I studied for many years at the Guildhall School of Music & Drama, in a class of extremely talented colleagues. It is fair to say I was at the bottom of the pile when I started at eighteen – shell shocked from moving from my safe home in the country to the big city, and only used to singing the occasional solo in my church choir. My first memories of Guildhall were of singing my first ever mezzo aria or German lied to my classmates, staring at one spot on the wall hoping no one was watching. There were a good number of times during those first couple of years that I thought I may not be cut out for this job, but something kept me going. Some internal passion that I hoped, eventually, after many many years of drama classes and singing lessons, would give me the confidence and self-belief to engage an audience. This brings to mind working with a wonderful coach, Fiona McSherry, as an Emerging Artist with Scottish Opera this past year. In our first session she said to me that so long as you have something to say you’re worth listening to. I’m really glad the panel at Guildhall saw that little voice in me all those years ago!

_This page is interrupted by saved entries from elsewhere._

Lemma det_mxsub_ffact_pow2_mx k (f g : 'I_k -> 'I_n) u (N : 'M[R]_n) :
  \det (mxsub f g (ffact_pow2_mx u *m N)) = \sum_(K : {set 'I_n} | #|K| == k)
    \det (mxsub f (enum_nth ord0 k K) (ffact_mx R n)) *
    \det (mxsub (enum_nth ord0 k K) g N) * \prod_r u ^+ (2 ^ enum_nth ord0 k K r).
Proof.
rewrite -mulmxA (det_mxsub_mulmx ord0); apply: eq_bigr => K _.
by rewrite det_mxsub_pow2_diag mulrA mulrAC.
Qed.

(* Any k-set other than {0, ..., k-1} contains some l >= k, and 2^l exceeds
   2^0 + ... + 2^(k-1). *)
Lemma pow2_weight_le k (hk : (k <= n)%N) (K : {set 'I_n}) (u : R) :
  0 < u -> u <= 1 -> #|K| = k -> K != [set widen_ord hk r | r in 'I_k] ->
  \prod_r u ^+ (2 ^ enum_nth ord0 k K r) <= u * \prod_(r < k) u ^+ (2 ^ r).
Proof.
move=> u_gt0 u_le1 cardK neqK.
have [l lK k_le_l] : exists2 l, l \in K & (k <= l)%N.
  have : ~~ (K \subset [set widen_ord hk r | r in 'I_k]).
    apply: contra neqK => subK; rewrite eqEcard subK cardK card_imset ?card_ord ?leqnn //.
    exact: incr_inj (widen_ord_incr hk).
  case/subsetPn => l lK lK0; exists l => //; rewrite leqNgt; apply: contra lK0 => lk.
  by apply/imsetP; exists (Ordinal lk) => //; apply: val_inj.
have [r0 r0l] := enum_nthP ord0 cardK lK.
apply: (@le_trans _ _ (u ^+ (2 ^ enum_nth ord0 k K r0))).
  rewrite (bigD1 r0) //=; apply: ler_piMr; first by rewrite exprn_ge0 ?ltW.
  by apply: prodr_ile1 => r _; rewrite exprn_ge0 ?exprn_ile1 ?(ltW u_gt0).
rewrite prodrXr -exprS sum_expn2; apply: ler_wiXn2l => //; first exact: ltW.
by rewrite r0l leq_pexp2l.
Qed.

Section InitialMinors.
Variable N : 'M[R]_n.
Hypothesis initial_minor_gt0 : forall k (hk : (k <= n)%N) (g : 'I_k -> 'I_n),
  incr g -> 0 < \det (mxsub (widen_ord hk) g N).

This voice has kept me going through some of the inevitably difficult times that occur in this industry. Any musician will agree that the constant auditions, rejections, travelling away from loved ones and the financial worry of this job can be very difficult to cope with. There have been times where I’ve struggled to pick myself up again after yet another rejection email or tearful goodbye. But what is the reason we do this job? Not for the hotel rooms or early morning flights, surely. There is something burning in all of us musicians and artists that keep us going through any financial difficulty or disappointment. We are burning to say something.

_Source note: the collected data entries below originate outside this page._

Lemma anticommr_commM x y z : comm x y -> anticomm x z -> anticomm x (y * z).
Proof. by rewrite /comm /anticomm mulrA => -> Hz; rewrite -mulrA Hz mulrN mulrA. Qed.

Lemma anticommrM_comm x y z : anticomm x y -> comm x z -> anticomm x (y * z).
Proof. by rewrite /comm /anticomm mulrA => -> Hz; rewrite mulNr -mulrA Hz mulrA. Qed.

Lemma anticomm_conj u y : u * u = 1 -> u * y * u = - y -> anticomm u y.
Proof.
rewrite /anticomm => uu uyu; have -> : y * u = u * (u * y * u) by rewrite !mulrA uu mul1r.
by rewrite uyu mulrN opprK.
Qed.

Lemma commutator_anticommutator u x y :
  u * (x * y + y * x) - (x * y + y * x) * u =
  ((u * x + x * u) * y - y * (u * x + x * u)) - (x * (u * y + y * u) - (u * y + y * u) * x).
Proof.
rewrite !mulrDr !mulrDl !mulrA.
move: (u * x * y) (u * y * x) (x * y * u) (y * x * u) (x * u * y) (y * u * x) => p q r s t w.
rewrite opprB addrACA -opprD addrACA [w + s + _]addrACA [t + w]addrC [s + r]addrC.
by rewrite [w + t]addrC addrKA.
Qed.

Lemma commutator_sqr x y : x * x * y - y * (x * x) = x * (x * y - y * x) + (x * y - y * x) * x.
Proof. by rewrite mulrBr mulrBl !mulrA addrA subrK. Qed.

Lemma commutator_anticommutator_l x y z : comm x z ->
  (x * y + y * x) * z - z * (x * y + y * x) = x * (y * z - z * y) + (y * z - z * y) * x.
Proof.
move=> xz; rewrite mulrDl mulrDr !mulrBr !mulrBl !mulrA -(mulrA y x z) xz mulrA -xz.
by rewrite opprD addrACA.
Qed.

Lemma commutator_sum_mul (I : Type) (r : seq I) (y c : I -> A) z :
  (forall i, comm z (c i)) ->
  z * (\sum_(i <- r) y i * c i) - (\sum_(i <- r) y i * c i) * z =
    \sum_(i <- r) (z * y i - y i * z) * c i.
Proof.
move=> zc; rewrite mulr_suml mulr_sumr -sumrB; apply: eq_bigr => i _.
by rewrite mulrBl !mulrA -[y i * c i * z]mulrA -zc mulrA.
Qed.

Lemma anticommM_split p q r t :
  comm p r -> comm p t -> comm q r -> anticomm q t -> anticomm (p * q) (r * t).
Proof.
move=> pr pt qr qt; apply/anticommr_sym/anticommr_commM.
  by apply/commr_sym/commrM.
exact/anticommr_sym/anticommr_commM.
Qed.

Definition scomm (b : bool) x y := x * y = (-1) ^+ b * (y * x).

Lemma scommr_prod n (F : 'I_n -> A) (s : 'I_n -> bool) x :
  (forall i, scomm (s i) x (F i)) ->
  scomm (odd (\sum_(i < n) s i)) x (\prod_(i < n) F i).
Proof.
elim: n F s => [|n IH] F s H; first by rewrite /scomm !big_ord0 expr0 mul1r mulr1 mul1r.
rewrite /scomm !big_ord_recr /= oddD signr_addb mulrA.
rewrite (IH (fun i => F (widen_ord (leqnSn n) i)) (fun i => s (widen_ord (leqnSn n) i))) //.
set P := \prod_(i < n) _.
by rewrite -!mulrA (H ord_max) oddb [P * _]mulrA commr_sign -mulrA.
Qed.

Lemma pairwise_commP (r : seq A) :
  pairwise (fun x y => x * y == y * x) r -> {in r &, forall x y, comm x y}.
Proof.
rewrite pairwise_all2rel => [/allrelP H x y rx ry|x|x y]; first exact/eqP/H.
  exact: eqxx.
by rewrite eq_sym.
Qed.

End Anticommutation.

Section ScaledCommutation.
Variables (K : pzRingType) (A : algType K).
Implicit Types (x y : A) (c : K).

Lemma commrZ x y c : comm x y -> comm x (c *: y).
Proof. by rewrite /comm -scalerAl -scalerAr => ->. Qed.

Lemma anticommrZ x y c : anticomm x y -> anticomm x (c *: y).
Proof. by rewrite /anticomm -scalerAl -scalerAr => ->; rewrite scalerN. Qed.

Lemma anticommutatorZ x y c : x * (c *: y) + (c *: y) * x = c *: (x * y + y * x).
Proof. by rewrite -scalerAr -scalerAl scalerDr. Qed.

Lemma commrZZ x y c d : comm x y -> comm (c *: x) (d *: y).
Proof. by move=> cxy; apply/commrZ/commr_sym/commrZ. Qed.

End ScaledCommutation.

Section Halves.
Variables (K : numFieldType) (V : lmodType K).

Lemma half_scale2 (y : V) : (1 / 2 : K) *: (2 *: y) = y.
Proof. by rewrite scalerA mul1r mulVf ?pnatr_eq0 // scale1r. Qed.

Lemma half_add (y : V) : (1 / 2 : K) *: (y + y) = y.
Proof. by rewrite -mulr2n -scaler_nat half_scale2. Qed.

End Halves.

Section DiracProjection.
Variables (R : realType) (B : algType R[i]) (D X : B).
Local Notation P := (Pop D X false).

Lemma PopE a :
  P a = a - (1 / 2 : R[i]) *: (D * (X * a - a * X) + (X * a - a * X) * D).
Proof. by rewrite /Pop /sbr /= expr0 expr1 !mul1r mulN1r opprK. Qed.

As the years have gone by, my favourite performances have been the ones that have challenged me the most. I love performing recitals; for me it is the ultimate test of focus and artistry. Holding an audience for an hour and half with just you and the accompanists’ collaborative interpretation is exhausting yet so thrilling! In my second year of undergraduate study, I also discovered my love for a good character. I performed the Witch in an abridged version of Into the Woods by Sondheim, and I got to play an old crone who sang a rap about vegetables! Since then I’ve always been up for the challenge of playing characters who are out of the ordinary for a young woman. This could be as an adolescent boy, an old woman with a terrible back problem or most recently, a pig/deer creature who evolves to become a whale, as in my new personal project, Indus, based on my experiences as a visually impaired performer. I suppose that all harks back to my days in the garden as a child – I just play pretend as a job now!
Something I’m quite passionate about is making opera and classical music inclusive and accessible. I believe everyone should be allowed the opportunity to be involved in music if they enjoy it. Scottish Opera do so much great work for the community and with young people. The outreach work the Musicians’ Company are involved in on a daily basis helps to normalise classical music and hopefully inspire the next generations of professionals. I still remember the workshop I did with Glyndebourne outreach as a teenager – I was taken by my school music teacher at the age of fifteen and I saw my first ever opera in Stoke-on-Trent. That day they told me I could study classical singing as a degree if I wanted to, and it ignited something in me. These projects make such a difference, especially if we want to encourage diversity in this industry.
Next season, I will be performing my first professional solo recital at Wigmore Hall. I probably won’t cry when I see my parents but I do plan to have a huge slice of cake beforehand.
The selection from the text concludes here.